I have a CSV file with a heading row and multiple data rows each with 11 data columns like this:
Order Date,Username,Order Number,No Resi,Quantity,Title,Update Date,Status,Price Per Item,Status Tracking,Alamat
05 Jun 2018,Mildred#email.com,205583995140400,,2,Gold,05 Jun 2018 – 10:01,In Process,Rp3.000.000,Done,Syahrul Address
05 Jun 2018,Mildred#email.com,205583995140400,,1,Gold,05 Jun 2018 – 10:01,In Process,Rp3.000.000,Done,Syahrul Address
05 Jun 2018,Martha#email.com,205486016644400,,2,Gold,05 Jun 2018 – 10:01,In Process,Rp3.000.000,Done,Faishal Address
05 Jun 2018,Martha#email.com,205486016644400,,2,Gold,05 Jun 2018 – 10:01,In Process,Rp3.000.000,Done,Faishal Address
05 Jun 2018,Misty#email.com,205588935534900,,2,Gold,05 Jun 2018 – 10:01,In Process,Rp3.000.000,Done,Rutwan Address
05 Jun 2018,Misty#email.com,205588935534900,,1,Gold,05 Jun 2018 – 10:01,In Process,Rp3.000.000,Done,Rutwan Address
I want to remove the duplicates in that file and sum the values in the Quantity data column. I want the result to be like this:
Order Date,Username,Order Number,No Resi,Quantity,Title,Update Date,Status,Price Per Item,Status Tracking,Alamat
05 Jun 2018,Mildred#email.com,205583995140400,,3,Gold,05 Jun 2018 – 10:01,In Process,Rp3.000.000,Done,Syahrul Address
05 Jun 2018,Martha#email.com,205486016644400,,4,Gold,05 Jun 2018 – 10:01,In Process,Rp3.000.000,Done,Faishal Address
05 Jun 2018,Misty#email.com,205588935534900,,3,Gold,05 Jun 2018 – 10:01,In Process,Rp3.000.000,Done,Rutwan Address
I want to sum only the values in the fifth data column Quantity while leaving the rest as it is. I have tried the solution in Sum duplicate row values with awk, but the answer there works only if the file has only two data columns. My CSV file has 11 data columns and so it doesn't work.
How to do it with awk?

awk to the rescue!
$ awk 'BEGIN{FS=OFS=","}
NR==1{print; next}
{q=$5; $5="~"; a[$0]+=q}
END {for(k in a) {sub("~",a[k],k); print k}}' file
Order Date,Username,Order Number,No Resi,Quantity,Title,Update Date,Status,Price Per Item,Status Tracking,Alamat
05 Jun 2018,Misty#email.com,205588935534900,,3,Gold,05 Jun 2018 - 10:01,In Process,Rp3.000.000,Done,Rutwan Address
05 Jun 2018,Martha#email.com,205486016644400,,4,Gold,05 Jun 2018 - 10:01,In Process,Rp3.000.000,Done,Faishal Address
05 Jun 2018,Mildred#email.com,205583995140400,,3,Gold,05 Jun 2018 - 10:01,In Process,Rp3.000.000,Done,Syahrul Address
note that the order of records are not guaranteed, but also doesn't require them to be sorted initially. To preserve the order there are multiple solutions...

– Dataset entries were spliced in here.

(* Let $0<p<1$. Every Schur $\mathcal{C}_p$-bounded pattern is a subset of a set of the form $(F\times\mathbb{N})\cup(\mathbb{N}\times F)$ for some finite $F\subseteq\mathbb{N}$.
   Context: $\mathcal{C}_p$ is the Schatten ideal of compact operators $A$ on $\ell_2(\mathbb{N})$ with $\|A\|_{\mathcal{C}_p}=(\sum_{k\ge0}\mu(k,A)^p)^{1/p}<\infty$, where $\mu(k,A)=\inf\{\|A-R\|_\infty:\mathrm{rank}(R)\le k\}$. For $m\in\ell_\infty(\mathbb{N}^2)$, $T_m(\{A_{j,k}\})=\{m(j,k)A_{j,k}\}$; $m$ is a bounded Schur multiplier of $\mathcal{C}_p$ if $\|T_m(A)\|_{\mathcal{C}_p}\le C_m\|A\|_{\mathcal{C}_p}$ for all finitely supported matrices $A$; $S\subseteq\mathbb{N}^2$ is a Schur $\mathcal{C}_p$-bounded pattern if every $m\in\ell_\infty(\mathbb{N}^2)$ supported on $S$ is a bounded Schur multiplier of $\mathcal{C}_p$. *)

From HB Require Import structures.
From mathcomp Require Import all_boot all_order all_algebra.
From mathcomp Require Import all_classical all_reals all_analysis.
From mathcomp Require Import complex.
From mathcomp Require Import Rstruct Rstruct_topology.
Set Implicit Arguments. Unset Strict Implicit. Unset Printing Implicit Defensive.
Import Order.TTheory GRing.Theory Num.Theory.
Local Open Scope classical_set_scope.
Local Open Scope ring_scope.

Notation RR := Rdefinitions.R.
Notation CC := (complex RR).

Definition cabs (z : CC) : RR := Normc.normc z.

Definition imat := nat -> nat -> CC.

Definition supported_in (n : nat) (A : imat) : Prop :=
  forall i j, (n <= i)%N \/ (n <= j)%N -> A i j = 0.

Definition finsupp (A : imat) : Prop := exists n, supported_in n A.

Also, I use ~ as a placeholder. If your data includes this char you can replace with an unused one.
UPDATE
To preserve the order (based on first appearance of a row)
$ awk 'BEGIN{FS=OFS=","}
NR==1{print; next}
{q=$5;$5="~"; if(!($0 in a)) b[++c]=$0; a[$0]+=q}
END {for(k=1;k<=c;k++) {sub("~",a[b[k]],b[k]); print b[k]}}' file
keep a separate structure to mark the order of the rows and iterate over that data structure...

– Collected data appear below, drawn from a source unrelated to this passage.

Lemma continuity_2d_pullback : continuity_2d (on_sphere (sphere_pullback s1 s2 s3 f)).
Proof.
  intros th ph.
  apply continuity_2d_pt_ext with (fun u v => on_sphere f (th' u v) (ph' v) * / r u v ^ 3).
  { intros; now rewrite on_sphere_pullback. }
  apply continuity_2d_pt_mult.
  - apply (continuity_2d_pt_comp2 (on_sphere f)); [| |apply Hf].
    + apply continuity_2d_pt_ellipse_angle; auto using rho_pos, continuity_2d_pt_id1.
      unfold rho, ellipse_r2; continuity_2d_tac; apply ellipse_r2_pos; auto.
    + apply (continuity_2d_pt_comp (ph')), continuity_2d_pt_id2.
      intros z; apply continuity_pt_filterlim, continuous_ellipse_angle; auto.
  - apply continuity_2d_pt_inv; [apply continuity_2d_pt_pow, continuity_2d_r|].
    apply pow_nonzero, Rgt_not_eq, r_pos.
Qed.

Lemma RInt_phi_transport th :
  RInt (fun ph => on_sphere f th ph) 0 (2 * PI) * sin th = RInt (fun ph => Fph th ph) 0 (2 * PI).
Proof.
  pose proof (is_RInt_ellipse_angle s1 s2 hs1 hs2 (fun ph => on_sphere f th ph) 0 (2 * PI)
                sin_0 sin_2PI (fun ph => continuous_partial_r _ Hf th ph)) as E.
  rewrite <- (is_RInt_unique _ _ _ _ E), <- RInt_mult_r by (eexists; exact E).
  apply RInt_ext; intros; reflexivity.
Qed.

Taking direct adaption from Karafka's solution and adding some code in it a bit to get the lines in proper order(in which they are present in Input_file) as per OP's request.
awk -F, '
FNR==1{
print;
next}
{
val=$5;
$5="~";
a[$0]+=val
}
!b[$0]++{
c[++count]=$0}
END{
for(i=1;i<=count;i++){
sub("~",a[c[i]],c[i]);
print c[i]}
}' OFS=, Input_file
Explanation: Adding explanation to above code too now.
awk -F, ' ##Setting field separator as comma here.
FNR==1{ ##Checking condition if line number is 1 then do following.
print; ##Print the current line.
next} ##next will skip all further statements from here.
{
val=$5; ##Creating a variable named val whose value is 5th field of current line.
$5="~"; ##Setting value of 5th field as ~ here to keep all lines same(to create index for array a).
a[$0]+=val ##Creating an array named a whose index is current line and its value is variable val value.
}
!b[$0]++{ ##Checking if array b whose index is current line its value is NULL then do following.
c[++count]=$0} ##Creating an array named c whose index is variable count increasing value with 1 and value is current line.
END{ ##Starting END block of awk code here.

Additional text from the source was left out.